| DIRECTIONS FOR THIS TASK |
When you reach the line containing "sT.2.1; [apply: Xx|apply: Xy]." in the records below, start copying exactly, and stop once you have copied the line containing "Proof. by move=> x Ux;".

| MATERIAL FOR THE TASK |

(* Let $R\subset S$ be an FCP ring extension which is a $\mathcal P$-extension, with Loewy series $\{S_i\}_{i=0}^n$. Then $R\subset S$ is distributive if and only if $S_i\subset S_{i+1}$ is Boolean for each $0\leq i\leq n-1$. If these conditions hold, then $R\subset S$ has FIP.
   Context: All rings are commutative with identity. $[R,S]$ is the lattice of $R$-subalgebras of $S$ (meet = intersection, join = product). FCP: every chain in $[R,S]$ is finite; FIP: $[R,S]$ is finite. $T\subset U$ minimal means $[T,U]=\{T,U\}$; atoms of $[R,S]$ are $T$ with $R\subset T$ minimal; the socle $\mathcal S[R,S]$ is the product of all atoms. Loewy series: $S_0=R$, $S_{i+1}=\mathcal S[S_i,S]$ while $S_i\neq S$, $n$ least with $S_n=S$. An FCP extension with Loewy series $\{S_i\}_{i=0}^n$ is a $\mathcal P$-extension if $[R,S]=\bigcup_{i=0}^{n-1}[S_i,S_{i+1}]$. Distributive: $[R,S]$ is a distributive lattice; Boolean: distributive and every element has a complement ($T\cap T'=R$, $TT'=S$). *)

From mathcomp Require Import all_boot all_algebra.
From mathcomp Require Import boolp classical_sets cardinality.
Set Implicit Arguments. Unset Strict Implicit. Unset Printing Implicit Defensive.
Import GRing.Theory.
Local Open Scope ring_scope.
Local Open Scope classical_set_scope.

(* A ring extension R ⊆ S is modelled by an ambient commutative ring S (a type)
   and a subring R : set S.  Intermediate rings are subsets T of S. *)
Section RingExt.
Variable S : comPzRingType.

Definition subring (T : set S) : Prop :=
  T 1 /\ (forall x y, T x -> T y -> T (x - y)) /\
  (forall x y, T x -> T y -> T (x * y)).

Definition interm (A B T : set S) : Prop :=
  subring T /\ A `<=` T /\ T `<=` B.

Definition interval (A B : set S) : set (set S) := [set T | interm A B T].

Definition gen (X : set S) : set S :=
  fun x => forall T, subring T -> X `<=` T -> T x.

Definition prod (T U : set S) : set S := gen (T `|` U).

Definition minimal (T U : set S) : Prop :=
  T `<=` U /\ T <> U /\ forall V, interm T U V -> V = T \/ V = U.

Definition atom (A B T : set S) : Prop := interm A B T /\ minimal A T.

Definition socle (A B : set S) : set S :=
  gen (A `|` [set x | exists T, atom A B T /\ T x]).

Fixpoint loewy (R : set S) (i : nat) : set S :=
  match i with
  | 0 => R
  | i'.+1 => socle (loewy R i') setT
  end.

Definition chain (C : set (set S)) : Prop :=
  forall T U, C T -> C U -> T `<=` U \/ U `<=` T.

Definition FCP (A B : set S) : Prop :=
  forall C : set (set S), C `<=` interval A B -> chain C -> finite_set C.

Definition FIP (A B : set S) : Prop := finite_set (interval A B).

Definition loewy_length (R : set S) (n : nat) : Prop :=
  loewy R n = setT /\ forall m, (m < n)%N -> loewy R m <> setT.

Definition P_extension (R : set S) (n : nat) : Prop :=
  forall T, interm R setT T ->
    exists2 i, (i < n)%N & interm (loewy R i) (loewy R i.+1) T.

(* distributive lattice [A,B] (meet = intersection, join = product) *)
Definition distributive (A B : set S) : Prop :=
  forall T U V, interm A B T -> interm A B U -> interm A B V ->
    T `&` prod U V = prod (T `&` U) (T `&` V) /\
    prod T (U `&` V) = prod T U `&` prod T V.

Definition boolean (A B : set S) : Prop :=
  distributive A B /\
  forall T, interm A B T ->
    exists T', interm A B T' /\ T `&` T' = A /\ prod T T' = B.

End RingExt.

From Pilot Require Import Defs.
From mathcomp Require Import all_boot all_algebra.
From mathcomp Require Import boolp classical_sets cardinality.
Set Implicit Arguments. Unset Strict Implicit. Unset Printing Implicit Defensive.
Local Open Scope classical_set_scope.

#[local] Arguments prod {S} T U.

(* If [R,S] is distributive then so is every [S_i,S], and meeting an element
   T with a join of atoms keeps exactly the atoms below T.  Atoms are pairwise
   incomparable, so the joins of the first k atoms of an infinite family of
   atoms would form a strictly increasing chain; FCP therefore leaves finitely
   many atoms.  Every T in [S_i,S_{i+1}] is then the join of the atoms below
   it, the join of the other atoms is its complement, and the block has at
   most 2^k elements.  Conversely, in a P-extension elements of different
   blocks are comparable, and the distributive laws hold for every triple in
   which such comparabilities occur; triples inside one block are handled by
   the Boolean block.  FIP follows because [R,S] is the finite union of the
   finite blocks. *)

Section SubringLattice.
Variable S : comPzRingType.
Implicit Types A B T U V X : set S.

Lemma subringT : subring [set: S].
Proof. by split; [|split]. Qed.

Lemma subringI T U : subring T -> subring U -> subring (T `&` U).
Proof.
move=> [T1 [TB TM]] [U1 [UB UM]]; split; [by []|split].
- by move=> x y [? ?] [? ?]; split; [apply: TB|apply: UB].
- by move=> x y [? ?] [? ?]; split; [apply: TM|apply: UM].
Qed.

Lemma gen_subring X : subring (gen X).
Proof.
split; [|split].
- by move=> T [].
- by move=> x y Xx Xy T sT XT; apply: sT.2.1; [apply: Xx|apply: Xy].
- by move=> x y Xx Xy T sT XT; apply: sT.2.2; [apply: Xx|apply: Xy].
Qed.

Lemma sub_gen X : X `<=` gen X.
Proof. by move=> x Xx T _; apply. Qed.

Lemma gen_sub X T : subring T -> X `<=` T -> gen X `<=` T.
Proof. by move=> sT XT x; apply. Qed.

Lemma prod_subring T U : subring (prod T U).
Proof. exact: gen_subring. Qed.

Lemma subset_prodl T U : T `<=` prod T U.
Proof. by move=> x Tx; apply: sub_gen; left. Qed.

Lemma subset_prodr T U : U `<=` prod T U.
Proof. by move=> x Ux; apply: sub_gen; right. Qed.

Lemma prod_sub T U V : subring V -> T `<=` V -> U `<=` V -> prod T U `<=` V.
Proof. by move=> sV TV UV; apply: gen_sub => // x [/TV|/UV]. Qed.

Lemma prodC T U : prod T U = prod U T.
Proof. by rewrite /prod setUC. Qed.

Lemma prodS T U V : U `<=` V -> prod T U `<=` prod T V.
Proof.
move=> UV; apply: prod_sub; [exact: prod_subring|exact: subset_prodl|].
by move=> x /UV; apply: subset_prodr.
Qed.

Lemma prod_idr T U : subring U -> T `<=` U -> prod T U = U.
Proof. by move=> sU TU; apply/seteqP; split; [apply: prod_sub|apply: subset_prodr]. Qed.

Lemma prod_idl T U : subring T -> U `<=` T -> prod T U = T.
Proof. by move=> sT UT; rewrite prodC prod_idr. Qed.

Definition distr_laws T U V : Prop :=
  T `&` prod U V = prod (T `&` U) (T `&` V) /\
  prod T (U `&` V) = prod T U `&` prod T V.

Lemma distr_lawsC T U V : distr_laws T U V -> distr_laws T V U.
Proof.
by move=> [E1 E2]; split; [rewrite prodC E1 prodC|rewrite setIC E2 setIC].
Qed.

Lemma distr_laws_chain T U V : subring T -> subring V -> U `<=` V ->
  distr_laws T U V.
Proof.
move=> sT sV UV; have TUV : T `&` U `<=` T `&` V by move=> x [Tx /UV].
split; first by rewrite !prod_idr //; exact: subringI.
by rewrite (setIidl UV) setIidl //; apply: prodS.
Qed.

Lemma distr_laws_below T U V : subring T -> subring U -> subring V ->
  T `<=` U -> T `<=` V -> distr_laws T U V.
Proof.
move=> sT sU sV TU TV.
have TUV : T `<=` U `&` V by move=> x Tx; split; [apply: TU|apply: TV].
have TprodUV : T `<=` prod U V by move=> x /TU; apply: subset_prodl.
split; first by rewrite (setIidl TU) (setIidl TV) (setIidl TprodUV) prod_idl.
by rewrite !prod_idr //; exact: subringI.
Qed.

Lemma distr_laws_above T U V : subring T -> U `<=` T -> V `<=` T ->
  distr_laws T U V.
Proof.
move=> sT UT VT; have UVT : U `&` V `<=` T by move=> x [/UT].
split; first by rewrite (setIidr UT) (setIidr VT) setIidr //; apply: prod_sub.
by rewrite !prod_idl // setIid.
Qed.

Lemma interm_subinterval A B A' B' T : A `<=` A' -> B' `<=` B ->
  interm A' B' T -> interm A B T.
Proof.
move=> AA' B'B [sT [A'T TB']]; split; [|split] => // x.
  by move/AA'/A'T.
by move/TB'/B'B.
Qed.

Lemma distributive_subinterval A B A' B' : A `<=` A' -> B' `<=` B ->
  distributive A B -> distributive A' B'.
Proof.
by move=> AA' B'B distrAB T U V /(interm_subinterval AA' B'B) iT
  /(interm_subinterval AA' B'B) iU /(interm_subinterval AA' B'B); apply: distrAB.
Qed.

Lemma FCP_subinterval A B A' B' : A `<=` A' -> B' `<=` B ->
  FCP A B -> FCP A' B'.
Proof. by move=> AA' B'B fcp C CI; apply: fcp => T /CI; apply: interm_subinterval. Qed.

Lemma FCP_ascending_chain_eq A B (J : nat -> set S) : FCP A B ->
  (forall k, interm A B (J k)) -> (forall k, J k `<=` J k.+1) ->
  exists k, J k.+1 = J k.
Proof.
move=> fcp iJ Jinc; apply: contrapT => /forallNP Jneq.
have Jmono m k : (m <= k)%N -> J m `<=` J k.
  by move=> /subnK <-; elim: (k - m)%N => [|d IH] // x /IH; exact: Jinc.
have Jlt m k : (m < k)%N -> J m <> J k.
  move=> mk Emk; apply: (Jneq m); apply/seteqP; split; last exact: Jinc.
  by rewrite Emk; apply: Jmono.
have : finite_set (range J).
  apply: fcp; first by move=> _ [k _ <-]; apply: iJ.
  move=> _ _ [m _ <-] [k _ <-].
  by case: (leqP m k) => mk; [left|right]; apply: Jmono => //; apply: ltnW.
apply/infiniteP/pcard_leP/injfunPex; exists J => // m k _ _ Emk.
by case: (ltngtP m k) => // [/Jlt/(_ Emk)|/Jlt/(_ (esym Emk))].
Qed.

| ANSWER TO THIS PROBLEM |
- by move=> x y Xx Xy T sT XT; apply: sT.2.1; [apply: Xx|apply: Xy].
- by move=> x y Xx Xy T sT XT; apply: sT.2.2; [apply: Xx|apply: Xy].
Qed.

Lemma sub_gen X : X `<=` gen X.
Proof. by move=> x Xx T _; apply. Qed.

Lemma gen_sub X T : subring T -> X `<=` T -> gen X `<=` T.
Proof. by move=> sT XT x; apply. Qed.

Lemma prod_subring T U : subring (prod T U).
Proof. exact: gen_subring. Qed.

Lemma subset_prodl T U : T `<=` prod T U.
Proof. by move=> x Tx; apply: sub_gen; left. Qed.

Lemma subset_prodr T U : U `<=` prod T U.
Proof. by move=> x Ux; apply: sub_gen; right. Qed.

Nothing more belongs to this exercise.